**Exercise directions:**
Please return every record below exactly as it stands.

**Task material:**
Hypothesis D_diagonals_normal :
  forall (X XX : D) (s1 : hom X XX) (r1 : hom XX X) (s2 : hom X XX) (r2 : hom XX X),
    is_orthonormal_biproduct s1 r1 s2 r2 ->
    forall d : hom X XX, r1 ∘ d = idm X -> r2 ∘ d = idm X -> is_normal_mono d.

Lemma diagonal_normal_mono (F P : FC) (s1 : hom F P) (r1 : hom P F) (s2 : hom F P)
    (r2 : hom P F) (d : hom F P) :
  is_orthonormal_biproduct s1 r1 s2 r2 -> r1 ∘ d = idm F -> r2 ∘ d = idm F ->
  is_normal_mono d.
Proof.
  intros Hb E1 E2.
  destruct (has_isometric_kernels (star d)) as (K & k & _ & _ & Hk).
  exists K, (star k). apply (kernel_of_pointwise (r := r1)); [intro X | exact E1].
  apply kernel_star_of_normal_mono; [| exact (Hk X)].
  exact (D_diagonals_normal (orthonormal_biproduct_pointwise Hb X)
           (component_eq X E1) (component_eq X E2)).
Qed.

End FunctorCategory.

Theorem proposition2p5 (C D : StarCat) :
  is_pre_hilbert D -> is_pre_hilbert (FunStarCat C D).
Proof.
  intros [[z Hz] [HD2 [HD3 HD4]]].
  split; [|split; [|split]].
  - exists (const_sfun C z). exact (const_zero_object C Hz).
  - intros F1 F2.
    destruct (has_orthonormal_biproducts Hz HD2 F1 F2) as (P & p1 & p2 & Hb & _).
    exists P, (star p1), p1, (star p2), p2. exact Hb.
  - intros F G th. destruct (has_isometric_kernels Hz HD3 th) as (K & k & Hk & Ik & _).
    exists K, k. split; assumption.
  - intros F P s1 r1 s2 r2 Hb d. exact (diagonal_normal_mono Hz HD2 HD3 HD4 Hb).
Qed.
Lemma is_series_spread_even (g h : nat -> R) (l : R) :
  (forall k, h (2 * k)%nat = g k) -> (forall k, h (S (2 * k)) = 0%R) ->
  is_series g l -> is_series h l.
Proof.
  intros Heven Hodd Hg.
  assert (Hpair : forall k, sum_n h (2 * k) = sum_n g k /\ sum_n h (S (2 * k)) = sum_n g k).
  { induction k as [|k [_ IH]].
    - change (sum_n h 0 = sum_n g 0 /\ sum_n h 1 = sum_n g 0).
      pose proof (Heven 0%nat) as E0. pose proof (Hodd 0%nat) as E1. simpl in E0, E1.
      rewrite sum_Sn, !sum_O, E0, E1. split; [reflexivity | apply Rplus_0_r].
    - replace (2 * S k)%nat with (S (S (2 * k))) by lia.
      assert (Hk : sum_n h (S (S (2 * k))) = sum_n g (S k)).
      { rewrite sum_Sn, IH, sum_Sn. replace (S (S (2 * k))) with (2 * S k)%nat by lia.
        now rewrite Heven. }
      split; [exact Hk|].
      rewrite sum_Sn, Hk. replace (S (S (2 * k))) with (2 * S k)%nat by lia.
      rewrite Hodd. apply Rplus_0_r. }
  apply (filterlim_ext (fun n => sum_n g (Nat.div2 n))).
  - intros n. destruct (Nat.Even_or_Odd n) as [[k ->] | [k ->]].
    + rewrite Nat.div2_double. symmetry. apply Hpair.
    + rewrite Nat.add_1_r, Nat.div2_succ_double. symmetry. apply Hpair.
  - apply (filterlim_comp _ _ _ Nat.div2 (sum_n g) _ eventually).
    + exact filterlim_div2.
    + exact Hg.
Qed.

Lemma is_series_spread_odd (g h : nat -> R) (l : R) :
  (forall k, h (2 * k)%nat = 0%R) -> (forall k, h (S (2 * k)) = g k) ->
  is_series g l -> is_series h l.
Proof.
  intros Heven Hodd Hg. apply is_series_decr_1.
  pose proof (Heven 0%nat) as E0. simpl in E0. rewrite E0.
  change (is_series (fun k => h (S k)) (l + - 0)%R).
  rewrite Ropp_0, Rplus_0_r. apply (is_series_spread_even g); [exact Hodd| |exact Hg].
  intros k. replace (S (S (2 * k))) with (2 * S k)%nat by lia. apply Heven.
Qed.

Lemma is_series_cos (y : R) :
  is_series (fun k => ((-1) ^ k * y ^ (2 * k) / INR (fact (2 * k)))%R) (cos y).
Proof.
  unfold cos. destruct (exist_cos (Rsqr y)) as [l Hl].
  apply is_series_Reals in Hl. revert Hl. apply is_series_ext. intros k.
  change ((-1) ^ k / INR (fact (2 * k)) * Rsqr y ^ k
          = (-1) ^ k * y ^ (2 * k) / INR (fact (2 * k)))%R.
  rewrite pow_mult, Rsqr_pow2. unfold Rdiv. ring.
Qed.

Lemma is_series_sin (y : R) :
  is_series (fun k => ((-1) ^ k * y ^ (S (2 * k)) / INR (fact (S (2 * k))))%R) (sin y).
Proof.
  unfold sin. destruct (exist_sin (Rsqr y)) as [l Hl].
  apply is_series_Reals, (is_series_scal_l y) in Hl. revert Hl. apply is_series_ext. intros k.
  unfold sin_n. replace (2 * k + 1)%nat with (S (2 * k)) by lia.
  change (y * ((-1) ^ k / INR (fact (S (2 * k))) * Rsqr y ^ k)
          = (-1) ^ k * (y * y ^ (2 * k)) / INR (fact (S (2 * k))))%R.
  rewrite pow_mult, Rsqr_pow2. unfold Rdiv. ring.
Qed.

Lemma pow_imag_even (y : R) (k : nat) :
  ((0%R, y) : C) ^ (2 * k) = RtoC ((-1) ^ k * y ^ (2 * k))%R.
Proof.
  induction k as [|k IH].
  - apply injective_projections; simpl; ring.
  - replace (2 * S k)%nat with (S (S (2 * k))) by lia. rewrite !Cpow_S, IH.
    change (y ^ S (S (2 * k)))%R with (y * (y * y ^ (2 * k)))%R.
    apply injective_projections; simpl; ring.
Qed.

Lemma pow_imag_odd (y : R) (k : nat) :
  ((0%R, y) : C) ^ (S (2 * k)) = ((0%R, ((-1) ^ k * y ^ (S (2 * k)))%R) : C).
Proof.
  rewrite Cpow_S, pow_imag_even. change (y ^ S (2 * k))%R with (y * y ^ (2 * k))%R.
  apply injective_projections; simpl; ring.
Qed.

**Output below:**
Hypothesis D_diagonals_normal :
  forall (X XX : D) (s1 : hom X XX) (r1 : hom XX X) (s2 : hom X XX) (r2 : hom XX X),
    is_orthonormal_biproduct s1 r1 s2 r2 ->
    forall d : hom X XX, r1 ∘ d = idm X -> r2 ∘ d = idm X -> is_normal_mono d.

Lemma diagonal_normal_mono (F P : FC) (s1 : hom F P) (r1 : hom P F) (s2 : hom F P)
    (r2 : hom P F) (d : hom F P) :
  is_orthonormal_biproduct s1 r1 s2 r2 -> r1 ∘ d = idm F -> r2 ∘ d = idm F ->
  is_normal_mono d.
Proof.
  intros Hb E1 E2.
  destruct (has_isometric_kernels (star d)) as (K & k & _ & _ & Hk).
  exists K, (star k). apply (kernel_of_pointwise (r := r1)); [intro X | exact E1].
  apply kernel_star_of_normal_mono; [| exact (Hk X)].
  exact (D_diagonals_normal (orthonormal_biproduct_pointwise Hb X)
           (component_eq X E1) (component_eq X E2)).
Qed.

End FunctorCategory.

Theorem proposition2p5 (C D : StarCat) :
  is_pre_hilbert D -> is_pre_hilbert (FunStarCat C D).
Proof.
  intros [[z Hz] [HD2 [HD3 HD4]]].
  split; [|split; [|split]].
  - exists (const_sfun C z). exact (const_zero_object C Hz).
  - intros F1 F2.
    destruct (has_orthonormal_biproducts Hz HD2 F1 F2) as (P & p1 & p2 & Hb & _).
    exists P, (star p1), p1, (star p2), p2. exact Hb.
  - intros F G th. destruct (has_isometric_kernels Hz HD3 th) as (K & k & Hk & Ik & _).
    exists K, k. split; assumption.
  - intros F P s1 r1 s2 r2 Hb d. exact (diagonal_normal_mono Hz HD2 HD3 HD4 Hb).
Qed.
Lemma is_series_spread_even (g h : nat -> R) (l : R) :
  (forall k, h (2 * k)%nat = g k) -> (forall k, h (S (2 * k)) = 0%R) ->
  is_series g l -> is_series h l.
Proof.
  intros Heven Hodd Hg.
  assert (Hpair : forall k, sum_n h (2 * k) = sum_n g k /\ sum_n h (S (2 * k)) = sum_n g k).
  { induction k as [|k [_ IH]].
    - change (sum_n h 0 = sum_n g 0 /\ sum_n h 1 = sum_n g 0).
      pose proof (Heven 0%nat) as E0. pose proof (Hodd 0%nat) as E1. simpl in E0, E1.
      rewrite sum_Sn, !sum_O, E0, E1. split; [reflexivity | apply Rplus_0_r].
    - replace (2 * S k)%nat with (S (S (2 * k))) by lia.
      assert (Hk : sum_n h (S (S (2 * k))) = sum_n g (S k)).
      { rewrite sum_Sn, IH, sum_Sn. replace (S (S (2 * k))) with (2 * S k)%nat by lia.
        now rewrite Heven. }
      split; [exact Hk|].
      rewrite sum_Sn, Hk. replace (S (S (2 * k))) with (2 * S k)%nat by lia.
      rewrite Hodd. apply Rplus_0_r. }
  apply (filterlim_ext (fun n => sum_n g (Nat.div2 n))).
  - intros n. destruct (Nat.Even_or_Odd n) as [[k ->] | [k ->]].
    + rewrite Nat.div2_double. symmetry. apply Hpair.
    + rewrite Nat.add_1_r, Nat.div2_succ_double. symmetry. apply Hpair.
  - apply (filterlim_comp _ _ _ Nat.div2 (sum_n g) _ eventually).
    + exact filterlim_div2.
    + exact Hg.
Qed.

Lemma is_series_spread_odd (g h : nat -> R) (l : R) :
  (forall k, h (2 * k)%nat = 0%R) -> (forall k, h (S (2 * k)) = g k) ->
  is_series g l -> is_series h l.
Proof.
  intros Heven Hodd Hg. apply is_series_decr_1.
  pose proof (Heven 0%nat) as E0. simpl in E0. rewrite E0.
  change (is_series (fun k => h (S k)) (l + - 0)%R).
  rewrite Ropp_0, Rplus_0_r. apply (is_series_spread_even g); [exact Hodd| |exact Hg].
  intros k. replace (S (S (2 * k))) with (2 * S k)%nat by lia. apply Heven.
Qed.

Lemma is_series_cos (y : R) :
  is_series (fun k => ((-1) ^ k * y ^ (2 * k) / INR (fact (2 * k)))%R) (cos y).
Proof.
  unfold cos. destruct (exist_cos (Rsqr y)) as [l Hl].
  apply is_series_Reals in Hl. revert Hl. apply is_series_ext. intros k.
  change ((-1) ^ k / INR (fact (2 * k)) * Rsqr y ^ k
          = (-1) ^ k * y ^ (2 * k) / INR (fact (2 * k)))%R.
  rewrite pow_mult, Rsqr_pow2. unfold Rdiv. ring.
Qed.

Lemma is_series_sin (y : R) :
  is_series (fun k => ((-1) ^ k * y ^ (S (2 * k)) / INR (fact (S (2 * k))))%R) (sin y).
Proof.
  unfold sin. destruct (exist_sin (Rsqr y)) as [l Hl].
  apply is_series_Reals, (is_series_scal_l y) in Hl. revert Hl. apply is_series_ext. intros k.
  unfold sin_n. replace (2 * k + 1)%nat with (S (2 * k)) by lia.
  change (y * ((-1) ^ k / INR (fact (S (2 * k))) * Rsqr y ^ k)
          = (-1) ^ k * (y * y ^ (2 * k)) / INR (fact (S (2 * k))))%R.
  rewrite pow_mult, Rsqr_pow2. unfold Rdiv. ring.
Qed.

Lemma pow_imag_even (y : R) (k : nat) :
  ((0%R, y) : C) ^ (2 * k) = RtoC ((-1) ^ k * y ^ (2 * k))%R.
Proof.
  induction k as [|k IH].
  - apply injective_projections; simpl; ring.
  - replace (2 * S k)%nat with (S (S (2 * k))) by lia. rewrite !Cpow_S, IH.
    change (y ^ S (S (2 * k)))%R with (y * (y * y ^ (2 * k)))%R.
    apply injective_projections; simpl; ring.
Qed.

Lemma pow_imag_odd (y : R) (k : nat) :
  ((0%R, y) : C) ^ (S (2 * k)) = ((0%R, ((-1) ^ k * y ^ (S (2 * k)))%R) : C).
Proof.
  rewrite Cpow_S, pow_imag_even. change (y ^ S (2 * k))%R with (y * y ^ (2 * k))%R.
  apply injective_projections; simpl; ring.
Qed.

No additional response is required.